Harald Juhnke verstarb am 01. April 2005 und geht als letzter der "großen Alten aus Berlin". Ihm voraus ging zuletzt seine gute Freundin Brigitte "Biggi" Mira und auch noch in Erinnerung Günther "Fitze" Fitzmann.

 

Nun fragt sich sicher der Eine oder Andere, warum ich dies auf meiner Seite erwähne, und dies will ich gern erklären:

 

Harald Juhnke und mich verbindet mehr, als es auf den ersten Blick scheint. Er war der größte deutsche Entertainer meiner Kindertage, er war „Der Hauptmann von Köpenick“, er war Alkoholiker und wir kannten uns.

 

Einen seiner letzten großen Auftritte hatte er mit "Der Hauptmann von Köpenick". Ich selbst verbrachte sechs meiner neun Dienstjahre bei der Polizei in Köpenick. Das ist das weit Entfernteste, was uns verbindet.

 

Dass er ein Alkoholiker war, ist wohl kein Geheimnis. Er selbst sagte einmal in einem Interview: „Jede Familie hat doch einen ‚Onkel Fritz’. Onkel Fritz hat Weibergeschichten und säuft, aber alle haben ihn gern. Wenn Onkel Fritz kommt, ist immer was los, dann wird es lustig. Ich bin der Onkel Fritz von Berlin!“ Vielleicht hatte er es schwerer trocken zu werden, was er ja nie schaffte, durch seine Berühmtheit. Vielen Leuten fällt zuerst seine Sauferei ein, wenn sie seinen Namen hören. Man sollte sich mehr an den Sänger, Entertainer und großartigen Schauspieler erinnern.

 

Ja, wir kannten uns. Gut, „kannten“ ist wohl etwas hochstaplerisch übertrieben, aber ich durfte Harald Juhnke begegnen. Es war am 29.Oktober 1994, anlässlich der 90. "Wetten dass..?"-Sendung. Die letzte Wette war, dass 83 Berliner Polizisten eine Pyramide auf neun „nicht technisch miteinander verbundenen“ Motorrädern bilden und damit mehr als 100 m fahren. Das wäre Weltrekord mit Guinessbuch-Eintrag gewesen. Aber zurück zu Harald Juhnke.
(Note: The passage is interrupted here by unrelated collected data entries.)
(* Let $\mathcal T_{\mathbf q}={\mathbb K}_{\mathbf q}[T_1^{\pm1},\ldots,T_n^{\pm1}]$ be a simple quantum torus and let $R=\mathcal T_{\mathbf q}[X_1,\ldots,X_m]$ be the commutative polynomial ring over $\mathcal T_{\mathbf q}$ in $m$ central variables. Then: (a) $\operatorname{Z}(R)={\mathbb K}[X_1,\ldots,X_m]$; (b) $\operatorname{Der}(R)=\operatorname{InnDer}(R)\oplus\bigoplus_{i=1}^n\operatorname{Z}(R)D_i\oplus\bigoplus_{j=1}^m\operatorname{Z}(R)\partial_j$, where $D_i,\partial_j$ are the derivations of $R$ defined by $D_i(T_k)=\delta_{ik}T_k$, $D_i(X_k)=0$, $\partial_j(T_k)=0$, $\partial_j(X_k)=\delta_{jk}$.
   Context: ${\mathbb K}$ is a field of characteristic $0$. For a multiplicatively skew-symmetric matrix $\mathbf q=(q_{ij})\in M_n({\mathbb K}^* )$ (i.e. $q_{ii}=1$, $q_{ij}=q_{ji}^{-1}$), the quantum torus ${\mathbb K}_{\mathbf q}[T_1^{\pm1},\ldots,T_n^{\pm1}]$ is the ${\mathbb K}$-algebra generated by $T_1^{\pm1},\ldots,T_n^{\pm1}$ with relations $T_iT_i^{-1}=T_i^{-1}T_i=1$ and $T_jT_i=q_{ij}T_iT_j$. It is simple iff its center is ${\mathbb K}$. $\operatorname{Z}$, $\operatorname{Der}$, $\operatorname{InnDer}$ denote center, ${\mathbb K}$-derivations and inner derivations. *)

From HB Require Import structures.
From mathcomp Require Import all_boot all_order all_algebra.
Set Implicit Arguments. Unset Strict Implicit. Unset Printing Implicit Defensive.
Import GRing.Theory.
Local Open Scope ring_scope.

Definition zpow {R : pzRingType} (t ti : R) (z : int) : R :=
  match z with Posz k => t ^+ k | Negz k => ti ^+ k.+1 end.

Definition tmono {R : pzRingType} {n : nat} (T Ti : 'I_n -> R)
  (a : {ffun 'I_n -> int}) : R := \prod_(i < n) zpow (T i) (Ti i) (a i).

Definition xmono {R : pzRingType} {m : nat} (X : 'I_m -> R)
  (b : {ffun 'I_m -> nat}) : R := \prod_(j < m) X j ^+ b j.

Definition txmono {R : pzRingType} {n m : nat} (T Ti : 'I_n -> R) (X : 'I_m -> R)
  (p : {ffun 'I_n -> int} * {ffun 'I_m -> nat}) : R :=
  tmono T Ti p.1 * xmono X p.2.

Definition in_span {K : fieldType} {R : lmodType K} {I : eqType} (f : I -> R)
  (r : R) : Prop :=
  exists (s : seq I) (c : I -> K), r = \sum_(i <- s) c i *: f i.

Definition lin_indep {K : fieldType} {R : lmodType K} {I : eqType} (f : I -> R)
  : Prop :=
  forall (s : seq I) (c : I -> K), uniq s -> \sum_(i <- s) c i *: f i = 0 ->
    forall i, i \in s -> c i = 0.

Definition qtorus_poly {K : fieldType} {R : algType K} {n m : nat}
  (q : 'I_n -> 'I_n -> K) (T Ti : 'I_n -> R) (X : 'I_m -> R) : Prop :=
  ((forall i, q i i = 1) /\ (forall i j, q i j * q j i = 1)) /\
  (forall i, T i * Ti i = 1 /\ Ti i * T i = 1) /\
  (forall i j, T j * T i = q i j *: (T i * T j)) /\
  (forall j r, X j * r = r * X j) /\
  (forall r, in_span (txmono T Ti X) r) /\
  lin_indep (txmono T Ti X).

(* The subring S (given as a predicate containing 0,1, closed under ring ops)
   is a simple ring: nonzero, and its only two-sided ideals are 0 and S. *)
Definition simple_sub {R : pzRingType} (S : R -> Prop) : Prop :=
  (exists x, S x /\ x <> 0) /\
  forall I : R -> Prop,
    (forall x, I x -> S x) -> I 0 ->
    (forall x y, I x -> I y -> I (x - y)) ->
    (forall a x, S a -> I x -> I (a * x) /\ I (x * a)) ->
    (forall x, I x -> x = 0) \/ (forall x, S x -> I x).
Vor der Sendung waren auch beim ZDF und den prominenten Gästen alle etwas nervös. Ich schlich durch den Backstagebereich auf der Suche nach Feuer. Mal wieder hatte ich Zigaretten, aber kein Feuerzeug in der Motorradkombi. Plötzlich standen Harald Juhnke und Roger Williamsen vor mir. Herr Juhnke hatte wie immer eine Zigarre in der Hand und Herr Williamsen eine Zigarette. Nun muss ich gestehen, dass mir zum damaligen Zeitpunkt Roger Williamsen gänzlich unbekannt war und so hielt ich ihn für den Personenschützer von Harald Juhnke. Da es unter Polizisten üblich war sich mit "DU" anzusprechen, ich eindeutig als Polizist zu erkennen war und Herr Williamsen der vermeintliche Kollege war, fragte ich ihn mit Berliner Schnauze: „Haste mal Feuer?“ Herr Williamsen schaute leicht verdutzt und gab mir Feuer. Mit einem freundlichen „Danke, wünsche den Herren noch einen schönen Abend!" drehte ich mich um und wollte gehen.

 

„Warte mal, Kleener!", rief mir eine wohlbekannte Stimme hinterher. „Ihr seid von der Berliner Polizei? Warum hab ick eure Wette nich?" Ich konnte Herrn Juhnke diese Frage nicht beantworten und als er sagte "Dit jibt’s doch janich, wo is der Gottschalk?" hielt ich es für besser zu gehen. Als wir am Ende der Sendung dann den Weltrekord aufstellten, auch Wettkönige wurden und außerdem noch die 5.000,- DM Wettgewinn dem „Weißen Ring“ spendeten, machte Herr Juhnke ein sehr stolzes Gesicht.

 

Ich möchte Harald Juhnke posthum für dieses Erlebnis danken, das mir immer in Erinnerung bleiben wird und wünsche mir, dass man ihn als Mensch und Künstler in würdigem Gedächtnis behält, nicht als ‚Onkel Fritz’.